(* Let $F=\{f_i\}_{i=1}^N$ be a uniform Parseval frame for an $n$-dimensional Hilbert space $\mathcal{H}_n$ and let $p>1$. Then the canonical dual $S_F^{-1}F=F$ belongs to $\zeta_{\mathfrak{F}}^{(1),p}(F)\cap\zeta_{\mathfrak{R}}^{(1),p}(F)\cap\zeta_{\mathcal{N}}^{(1),p}(F)$, and \[\mathrm{AE}_{\mathfrak{F}}^{(1),p}(F)=\mathrm{AE}_{\mathfrak{R}}^{(1),p}(F)=\mathrm{AE}_{\mathcal{N}}^{(1),p}(F)=\frac nN.\]
   Context: A uniform Parseval frame satisfies $\sum_i|\langle f,f_i\rangle|^2=\|f\|^2$ for all $f$ and has all $\|f_i\|$ equal; its frame operator is $S_F=I$. $G=\{g_i\}$ is a dual of $F$ if $f=\sum_i\langle f,f_i\rangle g_i$ for all $f$. For a dual $G$ let $E_if=\langle f,f_i\rangle g_i$ (one-erasure error operator) and define $\mathrm{AE}_{\mathfrak{F}}^{(1),p}(F,G)=\{\frac1N\sum_i\|E_i\|_{\mathfrak{F}}^p\}^{1/p}=\{\frac1N\sum_i(\|f_i\|\|g_i\|)^p\}^{1/p}$ (Frobenius norm), $\mathrm{AE}_{\mathfrak{R}}^{(1),p}(F,G)=\{\frac1N\sum_i\rho(E_i)^p\}^{1/p}=\{\frac1N\sum_i|\langle f_i,g_i\rangle|^p\}^{1/p}$ (spectral radius), and $\mathrm{AE}_{\mathcal{N}}^{(1),p}(F,G)=\{\frac1N\sum_i\omega(E_i)^p\}^{1/p}$ with $\omega(T)=\sup_{\|f\|=1}|\langle Tf,f\rangle|$ the numerical radius. For each $\ast\in\{\mathfrak{F},\mathfrak{R},\mathcal{N}\}$, $\mathrm{AE}_\ast^{(1),p}(F)$ is the infimum of $\mathrm{AE}_\ast^{(1),p}(F,G)$ over all duals $G$ of $F$ and $\zeta_\ast^{(1),p}(F)$ is the set of duals attaining it. *)

From HB Require Import structures.
From mathcomp Require Import all_boot all_order all_algebra.
From mathcomp Require Import all_classical all_reals all_analysis.
From mathcomp Require Import complex.
Set Implicit Arguments. Unset Strict Implicit. Unset Printing Implicit Defensive.
Import Order.TTheory GRing.Theory Num.Theory.
Local Open Scope ring_scope.
Local Open Scope classical_set_scope.

Section FrameDefs.
Variable R : realType.
Local Notation C := (complex R).

Definition cabs (z : C) : R := Normc.normc z.

(* inner product <f,g> = sum_k f_k * conj(g_k), linear in the first slot *)
Definition hdot n (f g : 'cV[C]_n) : C := \sum_(k < n) f k ord0 * conjc (g k ord0).

Definition hnorm n (f : 'cV[C]_n) : R := Num.sqrt (complex.Re (hdot f f)).

Definition parseval n N (F : 'I_N -> 'cV[C]_n) : Prop :=
  forall f : 'cV[C]_n, \sum_(i < N) cabs (hdot f (F i)) ^+ 2 = hnorm f ^+ 2.

Definition uniform n N (F : 'I_N -> 'cV[C]_n) : Prop :=
  forall i j, hnorm (F i) = hnorm (F j).

Definition uniform_parseval n N (F : 'I_N -> 'cV[C]_n) : Prop :=
  parseval F /\ uniform F.

Definition is_dual n N (F G : 'I_N -> 'cV[C]_n) : Prop :=
  forall f : 'cV[C]_n, f = \sum_(i < N) hdot f (F i) *: G i.

Definition adj m n (A : 'M[C]_(m, n)) : 'M[C]_(n, m) := map_mx conjc A^T.

(* one-erasure error operator E_i f = <f,f_i> g_i, i.e. E_i = g_i f_i^* *)
Definition erasure_op n N (F G : 'I_N -> 'cV[C]_n) (i : 'I_N) : 'M[C]_n :=
  G i *m adj (F i).

Definition frob_norm n (T : 'M[C]_n) : R :=
  Num.sqrt (\sum_(i < n) \sum_(j < n) cabs (T i j) ^+ 2).

Definition spec_radius n (T : 'M[C]_n) : R :=
  sup [set r : R | exists l : C, eigenvalue T l /\ r = cabs l].

Definition num_radius n (T : 'M[C]_n) : R :=
  sup [set r : R | exists f : 'cV[C]_n, hnorm f = 1 /\ r = cabs (hdot (T *m f) f)].

Definition AE_pair (nu : forall n, 'M[C]_n -> R) (p : R) n N
    (F G : 'I_N -> 'cV[C]_n) : R :=
  (N%:R^-1 * \sum_(i < N) (nu n (erasure_op F G i)) `^ p) `^ (p^-1).

Definition AE_F p n N (F G : 'I_N -> 'cV[C]_n) := AE_pair frob_norm p F G.
Definition AE_R p n N (F G : 'I_N -> 'cV[C]_n) := AE_pair spec_radius p F G.
Definition AE_N p n N (F G : 'I_N -> 'cV[C]_n) := AE_pair num_radius p F G.

Definition AE_opt (nu : forall n, 'M[C]_n -> R) (p : R) n N
    (F : 'I_N -> 'cV[C]_n) : R :=
  inf [set x : R | exists G, is_dual F G /\ x = AE_pair nu p F G].

Definition zeta (nu : forall n, 'M[C]_n -> R) (p : R) n N
    (F : 'I_N -> 'cV[C]_n) : set ('I_N -> 'cV[C]_n) :=
  [set G | is_dual F G /\ AE_pair nu p F G = AE_opt nu p F].

End FrameDefs.

(* For any dual G of F, testing f = sum_i <f,f_i> g_i on an orthonormal basis
   gives the trace identity sum_i <g_i,f_i> = n.  Each of the three norms of
   the rank-one erasure operator g_i f_i^* dominates its only possible nonzero
   eigenvalue <g_i,f_i>, so the erasure errors sum to at least n and, by the
   power mean inequality, AE(F,G) >= n/N.  Parseval makes F a dual of itself,
   and for f_i f_i^* all three norms equal |f_i|^2 = n/N (uniformity together
   with sum_i |f_i|^2 = n), so F attains the bound. *)

From HB Require Import structures.
From mathcomp Require Import all_boot all_order all_algebra.
From mathcomp Require Import all_classical all_reals all_analysis.
From mathcomp Require Import complex.
From mathcomp Require Import ring lra.
Set Implicit Arguments. Unset Strict Implicit. Unset Printing Implicit Defensive.
Import Order.TTheory GRing.Theory Num.Theory.
Local Open Scope ring_scope.
Local Open Scope classical_set_scope.
Local Open Scope complex_scope.

Section FrameErasures.
Variable R : realType.
Local Notation C := (complex R).

Lemma ge0_ge_sup (E : set R) x : 0 <= x -> ubound E x -> sup E <= x.
Proof.
move=> x0 Ex; have [->|/set0P E0] := eqVneq E set0; first by rewrite sup0.
exact: ge_sup.
Qed.

Lemma sup_ge0 (E : set R) :
  has_ubound E -> (forall y, E y -> 0 <= y) -> 0 <= sup E.
Proof.
move=> ubE E0; have [->|/set0P[y Ey]] := eqVneq E set0; first by rewrite sup0.
by apply: le_trans (E0 _ Ey) _; apply: ub_le_sup.
Qed.

Lemma inf_eq_min (E : set R) m : E m -> lbound E m -> inf E = m.
Proof.
move=> Em lbm; apply: le_anti; apply/andP; split.
  by apply: ge_inf Em; exists m.
by apply: lb_le_inf => //; exists m.
Qed.

Lemma mean_powR_le N (a : 'I_N -> R) p : 1 < p -> (forall i, 0 <= a i) ->
  (N%:R^-1 * \sum_i a i) `^ p <= N%:R^-1 * \sum_i a i `^ p.
Proof.
move=> p1 a0; set m := N%:R^-1 * \sum_i a i; set S := \sum_i a i `^ p.
have p0 : 0 < p := lt_trans ltr01 p1.
have [N0|Npos] := posnP N.
  by rewrite /m (_ : N%:R = 0 :> R) ?N0 // invr0 !mul0r powR0 ?gt_eqF.
have Ngt0 : 0 < N%:R :> R by rewrite ltr0n.
have m0 : 0 <= m by rewrite mulr_ge0 ?invr_ge0 ?ler0n ?sumr_ge0.
set q := p / (p - 1).
have p10 : p - 1 != 0 by rewrite subr_eq0 gt_eqF.
have q0 : 0 < q by rewrite divr_gt0 // subr_gt0.
have pq : p^-1 + q^-1 = 1 by rewrite invf_div; field; rewrite gt_eqF.
(* Young's inequality with the conjugate exponents p and q *)
have young i : a i * m `^ (p - 1) <= a i `^ p / p + m `^ p / q.
  rewrite -[m `^ p](_ : m `^ (p - 1) `^ q = _); last by rewrite -powRrM /q mulrC divfK.
  exact: conjugate_powR (powR_ge0 _ _) p0 q0 pq.
have : \sum_i a i * m `^ (p - 1) <= \sum_i (a i `^ p / p + m `^ p / q).
  by apply: ler_sum => i _; exact: young.
rewrite -mulr_suml big_split /= -mulr_suml sumr_const card_ord -/S -[_ *+ N]mulr_natl.
rewrite -[\sum_i a i](mulVKf (lt0r_neq0 Ngt0)) -/m -mulrA mulr_powRB1 //.
have qE : q^-1 = 1 - p^-1 by rewrite -pq addrC addKr.
rewrite qE; set X := m `^ p => le_XS.
rewrite -(ler_pM2l Ngt0) mulrA mulfV ?lt0r_neq0 // mul1r.
have pV : p * p^-1 = 1 by rewrite mulfV ?gt_eqF.
have : 0 < p^-1 by rewrite invr_gt0.
move: le_XS; nra.
Qed.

◇ ◇ ◇

**Task brief:**
In the listing above, find the line with "sup [set r : R | exists l" and the line with "Definition AE_N p"; output exactly those lines and all lines between them.

**Task solution:**
  sup [set r : R | exists l : C, eigenvalue T l /\ r = cabs l].

Definition num_radius n (T : 'M[C]_n) : R :=
  sup [set r : R | exists f : 'cV[C]_n, hnorm f = 1 /\ r = cabs (hdot (T *m f) f)].

Definition AE_pair (nu : forall n, 'M[C]_n -> R) (p : R) n N
    (F G : 'I_N -> 'cV[C]_n) : R :=
  (N%:R^-1 * \sum_(i < N) (nu n (erasure_op F G i)) `^ p) `^ (p^-1).

Definition AE_F p n N (F G : 'I_N -> 'cV[C]_n) := AE_pair frob_norm p F G.
Definition AE_R p n N (F G : 'I_N -> 'cV[C]_n) := AE_pair spec_radius p F G.
Definition AE_N p n N (F G : 'I_N -> 'cV[C]_n) := AE_pair num_radius p F G.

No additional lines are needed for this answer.